Start of ENTRIES PROVIDED

Lemma iter_mulmx_scale M c w k :
  iter k (mulmx M) (c *: w) = c *: iter k (mulmx M) w.
Proof. by elim: k => [|k IH] //; rewrite !iterS IH scalemxAr. Qed.

Lemma iter_mulmx0 M k : iter k (mulmx M) (0 : 'cV[R]_n) = 0.
Proof. by elim: k => [|k IH] //; rewrite iterS IH mulmx0. Qed.

Lemma iter_mulmx_qcomm N M c w k : N *m M = c *: (M *m N) ->
  N *m iter k (mulmx M) w = c ^+ k *: iter k (mulmx M) (N *m w).
Proof.
move=> NM; elim: k => [|k IH]; first by rewrite expr0 scale1r.
by rewrite !iterS mulmxA NM -scalemxAl -mulmxA IH -scalemxAr scalerA exprS.
Qed.

Lemma iter_lower_block X Y w (phi : nat -> R) :
  (forall k, Y *m iter k (mulmx X) w = phi k *: iter k (mulmx X) w) ->
  forall j, iter j.+1 (mulmx (block_mx X 0 Y X)) (col_mx w 0) =
   col_mx (iter j.+1 (mulmx X) w) ((\sum_(k < j.+1) phi k) *: iter j (mulmx X) w).
Proof.
move=> Yw; elim=> [|j IH].
  by rewrite /= mul_block_col !mulmx0 !addr0 big_ord1 (Yw 0%N).
rewrite iterS IH mul_block_col mul0mx addr0 (Yw j.+1) -scalemxAr.
by rewrite (big_ord_recr j.+1) !iterS /= scalerDl addrC.
Qed.

Lemma iter_upper_block X Z (p r : 'cV[R]_n) (psi : nat -> R) :
  (forall t, Z *m iter t (mulmx X) r = psi t *: iter t (mulmx X) r) ->
  forall j, iter j.+1 (mulmx (block_mx X Z 0 X)) (col_mx p r) =
   col_mx (iter j.+1 (mulmx X) p + (\sum_(t < j.+1) psi t) *: iter j (mulmx X) r)
          (iter j.+1 (mulmx X) r).
Proof.
move=> Zr; elim=> [|j IH].
  by rewrite /= mul_block_col !mul0mx !add0r big_ord1 (Zr 0%N).
rewrite iterS IH mul_block_col mul0mx add0r (Zr j.+1) mulmxDr -scalemxAr.
by rewrite (big_ord_recr j.+1) !iterS /= scalerDl addrA.
Qed.

End IteratedProducts.

Lemma geometric_sum (K : fieldType) (x : K) n : x != 1 ->
  \sum_(k < n) x ^+ k = (x ^+ n - 1) / (x - 1).
Proof. by move=> x1; rewrite subrX1 [(x - 1) * _]mulrC mulfK // subr_eq0. Qed.

Section DrinfeldRecursion.
Variables (R : comNzRingType) (D : nat) (sg sg' th : nat -> R) (r : R).
Hypothesis sg'0 : sg' 0 = sg 0.
Hypothesis sg_top : sg D.+1 = 0.
Hypothesis sg'S : forall j, (j <= D)%N -> sg' j.+1 = sg j.+1 + (r - th (D - j)) * sg j.

Let Fp (i : nat) : {poly R} := \prod_(j < i) ((th j)%:P - 'X).

Lemma drinfeld_sum_recursion :
  (-1) ^+ D.+1 * \sum_(i < D.+2) (sg' (D.+1 - i))%:P * Fp i
  = ('X - r%:P) * ((-1) ^+ D * \sum_(i < D.+1) (sg (D - i))%:P * Fp i).
Proof.
have shift : \sum_(i < D.+2) (sg (D.+1 - i))%:P * Fp i
    = \sum_(i < D.+1) (sg (D - i))%:P * Fp i * ((th i)%:P - 'X).
  rewrite big_ord_recl subn0 sg_top mul0r add0r; apply: eq_bigr => i _.
  by rewrite subSS /Fp big_ord_recr mulrA.
have split : \sum_(i < D.+2) (sg' (D.+1 - i))%:P * Fp i
    = \sum_(i < D.+2) (sg (D.+1 - i))%:P * Fp i
      + \sum_(i < D.+1) ((r - th i) * sg (D - i))%:P * Fp i.
  rewrite [LHS]big_ord_recr [X in _ = X + _]big_ord_recr /= subnn sg'0.
  rewrite addrAC -big_split /=; congr (_ + _).
  apply: eq_bigr => i _; have iD : (i <= D)%N by rewrite -ltnS.
  by rewrite subSn // sg'S ?leq_subr // subKn // polyCD mulrDl.
rewrite split shift -big_split /=.
rewrite (eq_bigr (fun i : 'I_D.+1 => (sg (D - i))%:P * Fp i * (r%:P - 'X))).
  by rewrite -mulr_suml exprS; ring.
by move=> i _; rewrite polyCM polyCB; ring.
Qed.

End DrinfeldRecursion.

Section StandardModule.
Variables (F : closedFieldType) (q : F).
Hypothesis q_neq0 : q != 0.

Notation K1m s := (stdact q s K1).
Notation K0m s := (stdact q s K0).
Notation u0 s := (u0vec F (size s)).

Lemma K1_cons a s : K1m (a :: s) = block_mx (q *: K1m s) 0 0 (q^-1 *: K1m s).
Proof. by rewrite /= /kron2 !mxE /= !scale0r. Qed.

Lemma K0_cons a s : K0m (a :: s) = block_mx (q^-1 *: K0m s) 0 0 (q *: K0m s).
Proof. by rewrite /= /kron2 !mxE /= !scale0r. Qed.

Lemma K0_K1 s : K0m s *m K1m s = 1%:M.
Proof.
elim: s => [|a s IH]; first by rewrite /= mulmx1.
rewrite K0_cons K1_cons mulmx_block !mulmx0 !mul0mx !addr0 !add0r.
rewrite -!scalemxAl -!scalemxAr !scalerA IH mulVf // mulfV // !scale1r.
by rewrite [RHS]scalar_mx_block.
Qed.

Lemma K1_K0 s : K1m s *m K0m s = 1%:M.
Proof.
elim: s => [|a s IH]; first by rewrite /= mulmx1.
rewrite K0_cons K1_cons mulmx_block !mulmx0 !mul0mx !addr0 !add0r.
rewrite -!scalemxAl -!scalemxAr !scalerA IH mulVf // mulfV // !scale1r.
by rewrite [RHS]scalar_mx_block.
Qed.

Lemma K0_eigen s (w : 'cV[F]_(dimV (size s))) lam :
  lam != 0 -> K1m s *m w = lam *: w -> K0m s *m w = lam^-1 *: w.
Proof.
move=> lam0 K1w; apply: (canRL (scalerK lam0)).
by rewrite scalemxAr -K1w mulmxA K0_K1 mul1mx.
Qed.

Lemma Rop_nil u v : Rop q u v [::] = 0.
Proof. by rewrite /Rop /= scaler0 mul0mx scaler0 addr0. Qed.

Lemma Lop_nil us vs : Lop q us vs [::] = 0.
Proof. by rewrite /Lop /= scaler0 mul0mx scaler0 addr0. Qed.

Lemma Rop_cons u v a s : Rop q u v (a :: s) =
  block_mx (Rop q u v s) 0 ((u * (a / q)) *: K0m s + (v * q) *: K1m s) (Rop q u v s).
Proof.
rewrite /Rop /= /kron2 !mxE /= !scale0r !scale1r.
rewrite !add_block_mx mulmx_block !scale_block_mx !add_block_mx.
rewrite ?mul0mx ?mulmx0 ?add0r ?addr0 ?mul1mx; congr block_mx.
all: rewrite -?scalemxAl -?scalemxAr ?scalerA ?scaler0 ?addr0 ?add0r.
all: by rewrite ?divfK ?mulfK ?mul0mx ?scaler0.
Qed.

Lemma Lop_cons us vs a s : Lop q us vs (a :: s) =
  block_mx (Lop q us vs s) (us *: K1m s + (vs * (q / a * q)) *: K0m s) 0 (Lop q us vs s).
Proof.
rewrite /Lop /= /kron2 !mxE /= !scale0r !scale1r.
rewrite !add_block_mx mulmx_block !scale_block_mx !add_block_mx.
rewrite ?mul0mx ?mulmx0 ?add0r ?addr0 ?mul1mx; congr block_mx.
all: rewrite -?scalemxAl -?scalemxAr ?scalerA ?scaler0 ?addr0 ?add0r.
all: by rewrite ?divfK ?mulfK ?mul0mx ?mul1mx ?scaler0 ?mulrA.
Qed.

Lemma K1_comm s x y :
  K1m s *m (x *: K0m s + y *: K1m s) = (x *: K0m s + y *: K1m s) *m K1m s.
Proof. by rewrite mulmxDr mulmxDl -!scalemxAr -!scalemxAl K0_K1 K1_K0. Qed.

Lemma K1_Rop u v s : K1m s *m Rop q u v s = q ^- 2 *: (Rop q u v s *m K1m s).
Proof.
elim: s => [|a s IH]; first by rewrite Rop_nil mulmx0 mul0mx scaler0.
rewrite K1_cons Rop_cons !mulmx_block !mulmx0 !mul0mx !addr0 !add0r scale_block_mx scaler0.
congr block_mx; rewrite -!scalemxAl -!scalemxAr ?IH ?K1_comm !scalerA.
all: by congr (_ *: _); field.
Qed.

Lemma K1_Lop us vs s : K1m s *m Lop q us vs s = q ^+ 2 *: (Lop q us vs s *m K1m s).
Proof.
elim: s => [|a s IH]; first by rewrite Lop_nil mulmx0 mul0mx scaler0.
rewrite K1_cons Lop_cons !mulmx_block !mulmx0 !mul0mx !addr0 !add0r scale_block_mx scaler0.
have K1_comm' x y : K1m s *m (x *: K1m s + y *: K0m s) = (x *: K1m s + y *: K0m s) *m K1m s.
  by rewrite addrC K1_comm addrC.
congr block_mx; rewrite -!scalemxAl -!scalemxAr ?IH ?K1_comm' !scalerA.
all: by congr (_ *: _); field.
Qed.

Lemma K1_u0 s : K1m s *m u0 s = q ^+ size s *: u0 s.
Proof.
elim: s => [|a s IH]; first by rewrite /= mul1mx expr0 scale1r.
by rewrite K1_cons /= mul_block_col !mulmx0 !addr0 mul0mx -scalemxAl IH
  scalerA scale_col_mx scaler0 exprS.
Qed.

(* K1-eigenvalue of L^t R^j u0 on a standard module of diameter d. *)
Definition weight (d j t : nat) : F := q ^+ d * (q ^- 2) ^+ j * (q ^+ 2) ^+ t.

Lemma weight_neq0 d j t : weight d j t != 0.
Proof. by rewrite /weight !mulf_neq0 // !expf_neq0 // invr_eq0 expf_neq0. Qed.

Notation Rpow u v s j := (iter j (mulmx (Rop q u v s)) (u0 s)).
Notation LRpow u v us vs s j t := (iter t (mulmx (Lop q us vs s)) (Rpow u v s j)).

Lemma K1_Rpow u v s j : K1m s *m Rpow u v s j = weight (size s) j 0 *: Rpow u v s j.
Proof.
rewrite (iter_mulmx_qcomm _ _ (K1_Rop u v s)) K1_u0 iter_mulmx_scale scalerA.
by rewrite /weight expr0 mulr1 mulrC.
Qed.

Lemma K1_LRpow u v us vs s j t :
  K1m s *m LRpow u v us vs s j t = weight (size s) j t *: LRpow u v us vs s j t.
Proof.
rewrite (iter_mulmx_qcomm _ _ (K1_Lop us vs s)) K1_Rpow iter_mulmx_scale scalerA.
by rewrite /weight expr0 mulr1 mulrC.
Qed.

Lemma K01_eigen (s : seq F) (w : 'cV[F]_(dimV (size s))) lam x y :
  lam != 0 -> K1m s *m w = lam *: w ->
  (x *: K0m s + y *: K1m s) *m w = (x / lam + y * lam) *: w.
Proof.
move=> lam0 K1w; rewrite mulmxDl -!scalemxAl (K0_eigen lam0 K1w) K1w.
by rewrite !scalerA scalerDl.
Qed.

End of ENTRIES PROVIDED

Restate, please, word for word the span of records running from the first line to the line bearing "move=> Yw; elim=> [|j IH].", both included, and nothing outside it.

Lemma iter_mulmx_scale M c w k :
  iter k (mulmx M) (c *: w) = c *: iter k (mulmx M) w.
Proof. by elim: k => [|k IH] //; rewrite !iterS IH scalemxAr. Qed.

Lemma iter_mulmx0 M k : iter k (mulmx M) (0 : 'cV[R]_n) = 0.
Proof. by elim: k => [|k IH] //; rewrite iterS IH mulmx0. Qed.

Lemma iter_mulmx_qcomm N M c w k : N *m M = c *: (M *m N) ->
  N *m iter k (mulmx M) w = c ^+ k *: iter k (mulmx M) (N *m w).
Proof.
move=> NM; elim: k => [|k IH]; first by rewrite expr0 scale1r.
by rewrite !iterS mulmxA NM -scalemxAl -mulmxA IH -scalemxAr scalerA exprS.
Qed.

Lemma iter_lower_block X Y w (phi : nat -> R) :
  (forall k, Y *m iter k (mulmx X) w = phi k *: iter k (mulmx X) w) ->
  forall j, iter j.+1 (mulmx (block_mx X 0 Y X)) (col_mx w 0) =
   col_mx (iter j.+1 (mulmx X) w) ((\sum_(k < j.+1) phi k) *: iter j (mulmx X) w).
Proof.
move=> Yw; elim=> [|j IH].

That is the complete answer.